\(\newcommand{\bbO}{\mathbb{O}}\) \(\newcommand{\bbD}{\mathbb{D}}\) \(\newcommand{\bbP}{\mathbb{P}}\) \(\newcommand{\bbR}{\mathbb{R}}\) \(\newcommand{\Algo}{\widehat{\mathcal{A}}}\) \(\newcommand{\Algora}{\widetilde{\mathcal{A}}}\) \(\newcommand{\calF}{\mathcal{F}}\) \(\newcommand{\calM}{\mathcal{M}}\) \(\newcommand{\calP}{\mathcal{P}}\) \(\newcommand{\calO}{\mathcal{O}}\) \(\newcommand{\calQ}{\mathcal{Q}}\) \(\newcommand{\defq}{\doteq}\) \(\newcommand{\Exp}{\textrm{E}}\) \(\newcommand{\IC}{\textrm{IC}}\) \(\newcommand{\Gbar}{\bar{G}}\) \(\newcommand{\one}{\textbf{1}}\) \(\newcommand{\psinos}{\psi_{n}^{\textrm{os}}}\) \(\renewcommand{\Pr}{\textrm{Pr}}\) \(\newcommand{\Phat}{P^{\circ}}\) \(\newcommand{\Psihat}{\widehat{\Psi}}\) \(\newcommand{\Qbar}{\bar{Q}}\) \(\newcommand{\tcg}[1]{\textcolor{olive}{#1}}\) \(\DeclareMathOperator{\Dirac}{Dirac}\) \(\DeclareMathOperator{\expit}{expit}\) \(\DeclareMathOperator{\logit}{logit}\) \(\DeclareMathOperator{\Rem}{Rem}\) \(\DeclareMathOperator{\Var}{Var}\)

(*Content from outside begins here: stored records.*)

(* Let $G$ be a graph, $f,p\ge 1$ integers, $\beta\ge0$. The graph $H$ returned by Algorithm 1 (described in the context), when $A_S$ is a $\beta$-additive $f$-EFT (resp. $f$-VFT) sourcewise spanner with respect to the computed source set $S$, is a $(\beta+2)$-additive $f$-EFT (resp. $f$-VFT) spanner of $G$: for every set $F$ of at most $f$ edges (resp. vertices) and all $s,t\in V(G)$ (not in $F$ in the vertex case) connected in $G-F$, $d_{H-F}(s,t)\le d_{G-F}(s,t)+\beta+2$.
   Context: $d_X(u,v)$ is the shortest-path distance in $X$; $X-F$ removes the edges (resp. the vertices and their incident edges) in $F$. Algorithm 1 (input: graph $G$, integers $f,p\ge1$, and a value $\beta$). Initially every vertex is colored white and has $\mathrm{counter}(v)=f+1$; $S=\emptyset$, $E'=\emptyset$. For a vertex $u$, let $N_w(u)$ be the set of currently white neighbors of $u$ and $\delta_w(u)=|N_w(u)|$. While there exists $s\in V\setminus S$ with $\delta_w(s)\ge p$: add $s$ to $S$, color $s$ red, and for each $u\in N_w(s)$ decrement $\mathrm{counter}(u)$, add edge $(s,u)$ to $E'$, and if $\mathrm{counter}(u)=0$ color $u$ black. After the loop, add to $E'$ every edge $(u,v)\in E(G)$ such that $u$ is white. Let $A_S$ be a $\beta$-additive $f$-EFT (resp. $f$-VFT) sourcewise spanner of $G$ with respect to $S$, i.e. a subgraph such that for every set $F$ of at most $f$ edges (resp. vertices) and every $s\in S$, $v\in V(G)$, $d_{A_S-F}(s,v)\le d_{G-F}(s,v)+\beta$. Return $H=(V(G),E'\cup E(A_S))$. *)

(* Simple graph on a finite vertex type T, given by a
   symmetric irreflexive relation e. *)
From mathcomp Require Import all_boot.
Set Implicit Arguments. Unset Strict Implicit. Unset Printing Implicit Defensive.

Section Alg.
Variable T : finType.

Definition dist_le (g : rel T) (u v : T) (k : nat) : Prop :=
  exists q : seq T, [/\ path g u q, last u q = v & size q <= k].

(* g - F for a set F of edges (unordered pairs, given as a list of pairs). *)
Definition rmE (F : seq (T * T)) (g : rel T) : rel T :=
  fun x y => [&& g x y, (x, y) \notin F & (y, x) \notin F].

Definition rmV (F : seq T) (g : rel T) : rel T :=
  fun x y => [&& g x y, x \notin F & y \notin F].

Definition EFT_sourcewise (g A : rel T) (S : seq T) (f beta : nat) : Prop :=
  forall F : seq (T * T), size F <= f ->
  forall s v k, s \in S -> dist_le (rmE F g) s v k -> dist_le (rmE F A) s v (k + beta).

Definition VFT_sourcewise (g A : rel T) (S : seq T) (f beta : nat) : Prop :=
  forall F : seq T, size F <= f ->
  forall s v k, s \in S -> s \notin F -> v \notin F ->
  dist_le (rmV F g) s v k -> dist_le (rmV F A) s v (k + beta).

Definition EFT_spanner (g H : rel T) (f beta : nat) : Prop :=
  forall F : seq (T * T), size F <= f ->
  forall s t k, dist_le (rmE F g) s t k -> dist_le (rmE F H) s t (k + beta).

Definition VFT_spanner (g H : rel T) (f beta : nat) : Prop :=
  forall F : seq T, size F <= f ->
  forall s t k, s \notin F -> t \notin F ->
  dist_le (rmV F g) s t k -> dist_le (rmV F H) s t (k + beta).

(* State of Algorithm 1: source list S (= red vertices), counters, E'. *)
Record state := State { sS : seq T; cnt : T -> nat; ed : rel T }.

Definition init_state (f : nat) : state :=
  State [::] (fun _ => f.+1) (fun _ _ => false).

(* white = neither red (in S) nor black (counter 0) *)
Definition white (st : state) (u : T) : bool := (u \notin sS st) && (0 < cnt st u).

Definition Nw (e : rel T) (st : state) (s u : T) : bool := e s u && white st u.

Definition deg_w (e : rel T) (st : state) (s : T) : nat := #|[pred u | Nw e st s u]|.

Definition step (e : rel T) (st : state) (s : T) : state :=
  State (s :: sS st)
        (fun u => if Nw e st s u then (cnt st u).-1 else cnt st u)
        (fun x y => [|| ed st x y, (x == s) && Nw e st s y | (y == s) && Nw e st s x]).

(* ss is a legal sequence of choices of the while loop from st, and the
   loop condition fails after the last one. *)
Fixpoint valid_run (e : rel T) (p : nat) (st : state) (ss : seq T) : Prop :=
  match ss with
  | [::] => forall s, s \notin sS st -> deg_w e st s < p
  | s :: ss' => [/\ s \notin sS st, p <= deg_w e st s & valid_run e p (step e st s) ss']
  end.

Definition final_state (e : rel T) (f : nat) (ss : seq T) : state :=
  foldl (step e) (init_state f) ss.

Definition Eprime (e : rel T) (st : state) : rel T :=
  fun x y => ed st x y || (e x y && (white st x || white st y)).

Definition output (e : rel T) (st : state) (A : rel T) : rel T :=
  fun x y => Eprime e st x y || A x y.

End Alg.

(* Every vertex x left non-white by the loop is either a source, or has lost
   its whole counter, i.e. it is joined in E' to f+1 sources.  Follow a walk
   of length k in G - F as long as its edges survive in H - F.  At the first
   missing edge (x, y) the vertex x is not white, so either x is a source, or
   at most f of its f+1 source neighbours are cut off by F and one of them,
   s', is still adjacent to x in H - F.  From that source the sourcewise
   spanner reaches the target with additive error beta; the detour through s'
   costs at most 2 extra edges. *)
From mathcomp Require Import all_boot.
From mathcomp Require Import zify.
Set Implicit Arguments. Unset Strict Implicit. Unset Printing Implicit Defensive.

Section LoopInvariant.
Variables (T : finType) (e : rel T) (f : nat).
Hypothesis esym : symmetric e.

Definition red_nbrs (st : state T) (u : T) : pred T :=
  [pred x | (x \in sS st) && ed st x u].

(* A non-red vertex has lost one unit of its counter for each red E'-neighbour. *)
Definition loop_inv (st : state T) : Prop :=
  [/\ symmetric (ed st), subrel (ed st) e &
      forall u, u \notin sS st -> f < #|red_nbrs st u| + cnt st u].

Lemma loop_inv_init : loop_inv (init_state T f).
Proof. by split=> // u _; rewrite /= addnC ltnS leq_addr. Qed.

Lemma loop_inv_step st s :
  loop_inv st -> s \notin sS st -> loop_inv (step e st s).
Proof.
case=> edsym ed_e cnt_ok s_new; split.
- by move=> x y /=; rewrite edsym; congr (_ || _); apply: orbC.
- move=> x y /= /or3P[/ed_e // | /andP[/eqP -> /andP[]] // | /andP[/eqP -> /andP[]]].
  by rewrite esym.
- move=> u /=; rewrite in_cons negb_or => /andP[_ u_old].
  have more_red : Nw e st s u + #|red_nbrs st u| <= #|red_nbrs (step e st s) u|.
    rewrite [leqRHS](cardD1 s); apply: leq_add.
      by rewrite !inE /= eqxx /=; case: (Nw e st s u); rewrite ?orbT.
    apply/subset_leq_card/subsetP => x /andP[x_old ed_xu].
    rewrite !inE /= x_old ed_xu orbT /= andbT.
    by apply: contraNneq s_new => <-.
  have := cnt_ok u u_old.
  case Nw_su: (Nw e st s u) more_red => /= more_red; last by lia.
  move: Nw_su => /and3P[_ _ cnt_pos]; lia.
Qed.

Lemma loop_inv_run p st ss :
  loop_inv st -> valid_run e p st ss -> loop_inv (foldl (step e) st ss).
Proof.
elim: ss st => [|s ss IH] st //= inv_st [s_new _ run].
exact: IH (loop_inv_step inv_st s_new) run.
Qed.

Lemma nonwhite_red_nbrs st u :
  loop_inv st -> u \notin sS st -> ~~ white st u -> f < #|red_nbrs st u|.
Proof.
case=> _ _ cnt_ok u_nred; rewrite /white u_nred /= -leqNgt leqn0 => /eqP cnt0.
by have := cnt_ok u u_nred; rewrite cnt0 addn0.
Qed.

End LoopInvariant.

Section Walks.
Variable T : finType.
Implicit Types (g h : rel T) (u v : T).

Lemma dist_le_sub g h u v k : subrel g h -> dist_le g u v k -> dist_le h u v k.
Proof. by move=> gh [q [pq lq sq]]; exists q; split=> //; apply: sub_path pq. Qed.

Lemma dist_le_leq g u v k k' : k <= k' -> dist_le g u v k -> dist_le g u v k'.
Proof. by move=> kk' [q [pq lq sq]]; exists q; split=> //; apply: leq_trans kk'. Qed.

Definition stretch_from g h (ok : pred T) (b : nat) (s : T) : Prop :=
  forall v k, ok v -> dist_le g s v k -> dist_le h s v (k + b).

Lemma dist_le_via_hubs g h (ok : pred T) b :
  (forall x y, g x y -> ~~ h x y -> exists2 s,
     stretch_from g h ok b s & s = x \/ h x s /\ g s x) ->
  forall u v k, ok v -> dist_le g u v k -> dist_le h u v (k + (b + 2)).
Proof.
move=> hubs u v k ok_v [q [pq lq sq]]; subst v.
apply: (@dist_le_leq _ _ _ (size q + (b + 2))); first by rewrite leq_add2r.
elim: q u pq {sq} ok_v => [|y q IH] u /=; first by exists [::].
case/andP=> g_uy pq ok_v.
have walk_u : dist_le g u (last y q) (size q).+1 by exists (y :: q); rewrite /= g_uy.
case h_uy: (h u y).
  have [q' [pq' lq' sq']] := IH y pq ok_v.
  by exists (y :: q'); rewrite /= h_uy pq' lq'; split=> //; lia.
have [s stretch_s [Esu | [h_us g_su]]] := hubs u y g_uy (negbT h_uy).
  by subst s; apply: dist_le_leq _ (stretch_s _ _ ok_v walk_u); lia.
have [|q' [pq' lq' sq']] := stretch_s (last y q) (size q).+2 ok_v.
  by case: walk_u => q' [pq' lq' sq']; exists (u :: q'); rewrite /= g_su pq'.
by exists (s :: q'); rewrite /= h_us pq' lq'; split=> //; lia.
Qed.

Lemma exists_notin_of_card_gt (P : pred T) (s : seq T) :
  size s < #|P| -> exists2 x, P x & x \notin s.
Proof.
move=> small; apply/exists_inP; apply: contraTT small => /exists_inPn s_all.
rewrite -leqNgt; apply: leq_trans (card_size s).
by apply/subset_leq_card/subsetP => x /s_all /negPn.
Qed.

End Walks.

Section OutputSpanner.
Variables (T : finType) (e : rel T) (f beta : nat) (st : state T) (A : rel T).
Hypotheses (eirr : irreflexive e) (inv : loop_inv e f st).

Let H := output e st A.

Lemma output_red_nbr x z : z \in red_nbrs st x -> H x z && e z x.
Proof.
case: inv => edsym ed_e _ /andP[_ ed_zx].
by rewrite /H /output /Eprime edsym ed_zx (ed_e _ _ ed_zx).
Qed.

Lemma missing_output_edge x y :
  e x y -> ~~ H x y -> x \notin sS st -> f < #|red_nbrs st x|.
Proof.
move=> exy nH x_nred; apply: nonwhite_red_nbrs inv x_nred _.
by apply: contraNN nH => wx; rewrite /H /output /Eprime exy wx !orbT.
Qed.

Lemma red_nbr_avoiding x y (F : seq T) :
  e x y -> ~~ H x y -> x \notin sS st -> size F <= f ->
  exists2 z, z \in red_nbrs st x & z \notin F.
Proof.
move=> exy nH x_nred sF; apply: exists_notin_of_card_gt.
exact: leq_ltn_trans sF (missing_output_edge exy nH x_nred).
Qed.

Lemma output_EFT_spanner :
  EFT_sourcewise e A (sS st) f beta -> EFT_spanner e H f (beta + 2).
Proof.
move=> spA F sF u v k; apply: (dist_le_via_hubs (ok := predT)) => // x y.
have stretch_red s : s \in sS st -> stretch_from (rmE F e) (rmE F H) predT beta s.
  move=> s_red w k' _ /(spA F sF _ _ _ s_red); apply: dist_le_sub.
  by move=> a b /and3P[Aab ab ba]; rewrite /rmE /H /output Aab orbT ab ba.
case/and3P=> exy xyF yxF nH; case: (boolP (x \in sS st)) => x_red.
  by exists x; [apply: stretch_red | left].
have nHxy : ~~ H x y by apply: contraNN nH => Hxy; rewrite /rmE Hxy xyF yxF.
pose other (ab : T * T) := if ab.1 == x then ab.2 else ab.1.
have [|z z_nbr zF] := red_nbr_avoiding (F := map other F) exy nHxy x_red _.
  by rewrite size_map.
have /andP[z_red _] := z_nbr; have /andP[Hxz ezx] := output_red_nbr z_nbr.
have zx : z != x by apply: contraTneq ezx => ->; rewrite eirr.
have zxF : (z, x) \notin F.
  by apply: contra zF => inF; apply/mapP; exists (z, x); rewrite // /other /= (negbTE zx).
have xzF : (x, z) \notin F.
  by apply: contra zF => inF; apply/mapP; exists (x, z); rewrite // /other /= eqxx.
exists z; first exact: stretch_red.
by right; rewrite /rmE Hxz ezx zxF xzF.
Qed.

Lemma output_VFT_spanner :
  VFT_sourcewise e A (sS st) f beta -> VFT_spanner e H f (beta + 2).
Proof.
move=> spA F sF u v k u_ok v_ok.
apply: (dist_le_via_hubs (ok := [pred w | w \notin F])) => // x y.
have stretch_red s : s \in sS st -> s \notin F ->
    stretch_from (rmV F e) (rmV F H) [pred w | w \notin F] beta s.
  move=> s_red sF' w k' w_ok /(spA F sF _ _ _ s_red sF' w_ok); apply: dist_le_sub.
  by move=> a b /and3P[Aab aF bF]; rewrite /rmV /H /output Aab orbT aF bF.
case/and3P=> exy xF yF nH; case: (boolP (x \in sS st)) => x_red.
  by exists x; [apply: stretch_red | left].
have nHxy : ~~ H x y by apply: contraNN nH => Hxy; rewrite /rmV Hxy xF yF.
have [z z_nbr zF] := red_nbr_avoiding exy nHxy x_red sF.
have /andP[z_red _] := z_nbr; have /andP[Hxz ezx] := output_red_nbr z_nbr.
exists z; first exact: stretch_red.
by right; rewrite /rmV Hxz ezx xF zF.
Qed.

End OutputSpanner.

Theorem theorem2 (T : finType) (e : rel T) (f p beta : nat) (ss : seq T) :
  symmetric e -> irreflexive e -> 1 <= f -> 1 <= p ->
  valid_run e p (init_state T f) ss ->
  let st := final_state e f ss in
  (forall A : rel T, symmetric A -> subrel A e ->
     EFT_sourcewise e A (sS st) f beta ->
     EFT_spanner e (output e st A) f (beta + 2)) /\
  (forall A : rel T, symmetric A -> subrel A e ->
     VFT_sourcewise e A (sS st) f beta ->
     VFT_spanner e (output e st A) f (beta + 2)).
Proof.
move=> esym eirr _ _ run st.
have inv : loop_inv e f st := loop_inv_run esym (loop_inv_init e f) run.
by split=> A _ _; [apply: output_EFT_spanner | apply: output_VFT_spanner].
Qed.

Section 2 The parameter of interest

2.1 The parameter of interest

2.1.1 Definition

It happens that we especially care for a finite-dimensional feature of \(P_{0}\) that we denote by \(\psi_{0}\). Its definition involves two of the aforementioned infinite-dimensional features, the marginal law \(Q_{0,W}\) of \(W\) and the conditional mean \(\Qbar_{0}\) of \(Y\) given \(A\) and \(W\): \[\begin{align} \psi_{0} &\defq \int \left(\Qbar_{0}(1, w) - \Qbar_{0}(0, w)\right) dQ_{0,W}(w) \tag{2.1}\\ \notag &= \Exp_{P_{0}} \left(\Exp_{P_0}(Y \mid A = 1, W) - \Exp_{P_0}(Y \mid A = 0, W) \right). \end{align}\]

Acting as oracles, we can compute explicitly the numerical value of \(\psi_{0}\). The evaluate_psi method makes it very easy (simply run ?estimate_psi to see the man page of the method):

(psi_zero <- evaluate_psi(experiment))
#> [1] 0.0832

2.1.2 A causal interpretation

Our interest in \(\psi_{0}\) is of causal nature. Taking a closer look at the sample_from feature of experiment reveals indeed that the random making of an observation \(O\) drawn from \(P_{0}\) can be summarized by the following directed acyclic graph:

dagify(
  Y ~ A + Y1 + Y0, A ~ W, Y1 ~ W, Y0 ~ W,
  labels = c(Y = "Actual reward",
             A = "Action",
             Y1 = "Counterfactual reward\n of action 1",
             Y0 = "Counterfactual reward\n of action 0",
             W = "Context of action"),
  coords = list(
    x = c(W = 0, A = -1, Y1 = 1.5, Y0 = 0.25, Y = 1),
    y = c(W = 0, A = -1, Y1 = -0.5, Y0 = -0.5, Y = -1)),
  outcome = "Y",
  exposure = "A",
  latent = c("Y0", "Y1")) %>% tidy_dagitty %>%
  ggdag(text = TRUE, use_labels = "label") + theme_dag_grey()

Figure 2.1: Directed acyclic graph summarizing the inner causal mechanism at play in experiment.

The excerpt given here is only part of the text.